*EXERCISE OBJECTIVE*
Find the word "exists" below. Copy each line that has it.

*DATA PROVIDED*
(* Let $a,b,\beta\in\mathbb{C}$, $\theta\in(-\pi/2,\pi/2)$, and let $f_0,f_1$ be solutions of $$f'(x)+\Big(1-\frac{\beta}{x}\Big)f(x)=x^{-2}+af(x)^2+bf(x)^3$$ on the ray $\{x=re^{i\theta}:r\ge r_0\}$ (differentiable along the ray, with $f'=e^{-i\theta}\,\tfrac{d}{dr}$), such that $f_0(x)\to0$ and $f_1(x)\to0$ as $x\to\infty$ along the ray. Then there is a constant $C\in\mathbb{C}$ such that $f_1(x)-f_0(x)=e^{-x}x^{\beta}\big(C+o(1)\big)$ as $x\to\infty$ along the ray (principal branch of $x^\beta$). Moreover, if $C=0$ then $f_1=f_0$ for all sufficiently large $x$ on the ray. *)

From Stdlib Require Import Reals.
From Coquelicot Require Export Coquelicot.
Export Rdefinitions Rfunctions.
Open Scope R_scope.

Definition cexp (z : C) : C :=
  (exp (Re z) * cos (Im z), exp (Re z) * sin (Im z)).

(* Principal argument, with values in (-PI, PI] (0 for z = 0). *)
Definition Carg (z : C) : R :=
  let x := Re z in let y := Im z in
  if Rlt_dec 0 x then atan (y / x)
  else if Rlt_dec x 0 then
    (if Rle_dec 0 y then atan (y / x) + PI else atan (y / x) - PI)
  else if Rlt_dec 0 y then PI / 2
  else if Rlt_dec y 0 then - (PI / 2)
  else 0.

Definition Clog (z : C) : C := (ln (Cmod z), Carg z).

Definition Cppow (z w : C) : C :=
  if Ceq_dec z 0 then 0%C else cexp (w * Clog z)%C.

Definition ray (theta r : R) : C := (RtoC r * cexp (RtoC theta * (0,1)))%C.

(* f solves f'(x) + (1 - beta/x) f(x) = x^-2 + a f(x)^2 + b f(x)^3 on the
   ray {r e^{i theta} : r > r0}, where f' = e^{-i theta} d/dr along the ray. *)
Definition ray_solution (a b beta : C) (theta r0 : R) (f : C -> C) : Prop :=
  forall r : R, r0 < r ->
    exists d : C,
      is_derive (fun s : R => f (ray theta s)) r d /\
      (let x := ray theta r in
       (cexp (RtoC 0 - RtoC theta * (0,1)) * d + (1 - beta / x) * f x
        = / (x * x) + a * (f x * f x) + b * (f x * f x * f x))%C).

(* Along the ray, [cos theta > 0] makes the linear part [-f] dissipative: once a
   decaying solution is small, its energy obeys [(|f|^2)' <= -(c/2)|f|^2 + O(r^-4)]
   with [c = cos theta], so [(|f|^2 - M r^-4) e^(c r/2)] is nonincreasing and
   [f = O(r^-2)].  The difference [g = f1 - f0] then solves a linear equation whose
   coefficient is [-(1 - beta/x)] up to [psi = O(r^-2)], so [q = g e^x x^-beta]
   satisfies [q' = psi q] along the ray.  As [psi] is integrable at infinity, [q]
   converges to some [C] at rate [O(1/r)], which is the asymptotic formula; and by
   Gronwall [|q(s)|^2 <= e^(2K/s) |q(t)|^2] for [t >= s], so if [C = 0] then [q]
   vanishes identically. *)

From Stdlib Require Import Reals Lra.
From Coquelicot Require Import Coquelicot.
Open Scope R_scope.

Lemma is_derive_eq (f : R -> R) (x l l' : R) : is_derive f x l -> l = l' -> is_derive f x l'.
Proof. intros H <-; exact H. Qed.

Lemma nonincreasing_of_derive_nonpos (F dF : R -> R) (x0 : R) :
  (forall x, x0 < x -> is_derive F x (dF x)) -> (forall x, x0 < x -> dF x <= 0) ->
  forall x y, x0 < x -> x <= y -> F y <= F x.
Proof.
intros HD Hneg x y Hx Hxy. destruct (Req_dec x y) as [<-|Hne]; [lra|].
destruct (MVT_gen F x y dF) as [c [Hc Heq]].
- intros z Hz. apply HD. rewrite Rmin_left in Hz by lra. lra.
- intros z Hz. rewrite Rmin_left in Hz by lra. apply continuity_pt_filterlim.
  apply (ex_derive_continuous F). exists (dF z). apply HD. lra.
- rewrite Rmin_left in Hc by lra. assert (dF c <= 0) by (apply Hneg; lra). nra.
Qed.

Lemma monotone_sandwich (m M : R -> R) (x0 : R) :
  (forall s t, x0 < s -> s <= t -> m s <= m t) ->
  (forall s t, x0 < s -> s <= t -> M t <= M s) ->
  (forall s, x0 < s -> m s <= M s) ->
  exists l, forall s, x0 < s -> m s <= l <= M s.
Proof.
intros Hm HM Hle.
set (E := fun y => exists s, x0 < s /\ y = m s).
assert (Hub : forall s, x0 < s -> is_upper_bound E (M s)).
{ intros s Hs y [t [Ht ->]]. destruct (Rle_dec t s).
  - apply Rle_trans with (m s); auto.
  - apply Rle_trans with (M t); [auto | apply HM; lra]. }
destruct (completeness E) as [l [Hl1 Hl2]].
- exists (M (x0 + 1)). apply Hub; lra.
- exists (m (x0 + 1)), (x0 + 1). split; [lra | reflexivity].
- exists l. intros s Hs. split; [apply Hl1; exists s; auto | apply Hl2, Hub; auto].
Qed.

*EXERCISE RESULT*
    exists d : C,
  apply (ex_derive_continuous F). exists (dF z). apply HD. lra.
  exists l, forall s, x0 < s -> m s <= l <= M s.
set (E := fun y => exists s, x0 < s /\ y = m s).
- exists (M (x0 + 1)). apply Hub; lra.
- exists (m (x0 + 1)), (x0 + 1). split; [lra | reflexivity].
- exists l. intros s Hs. split; [apply Hl1; exists s; auto | apply Hl2, Hub; auto].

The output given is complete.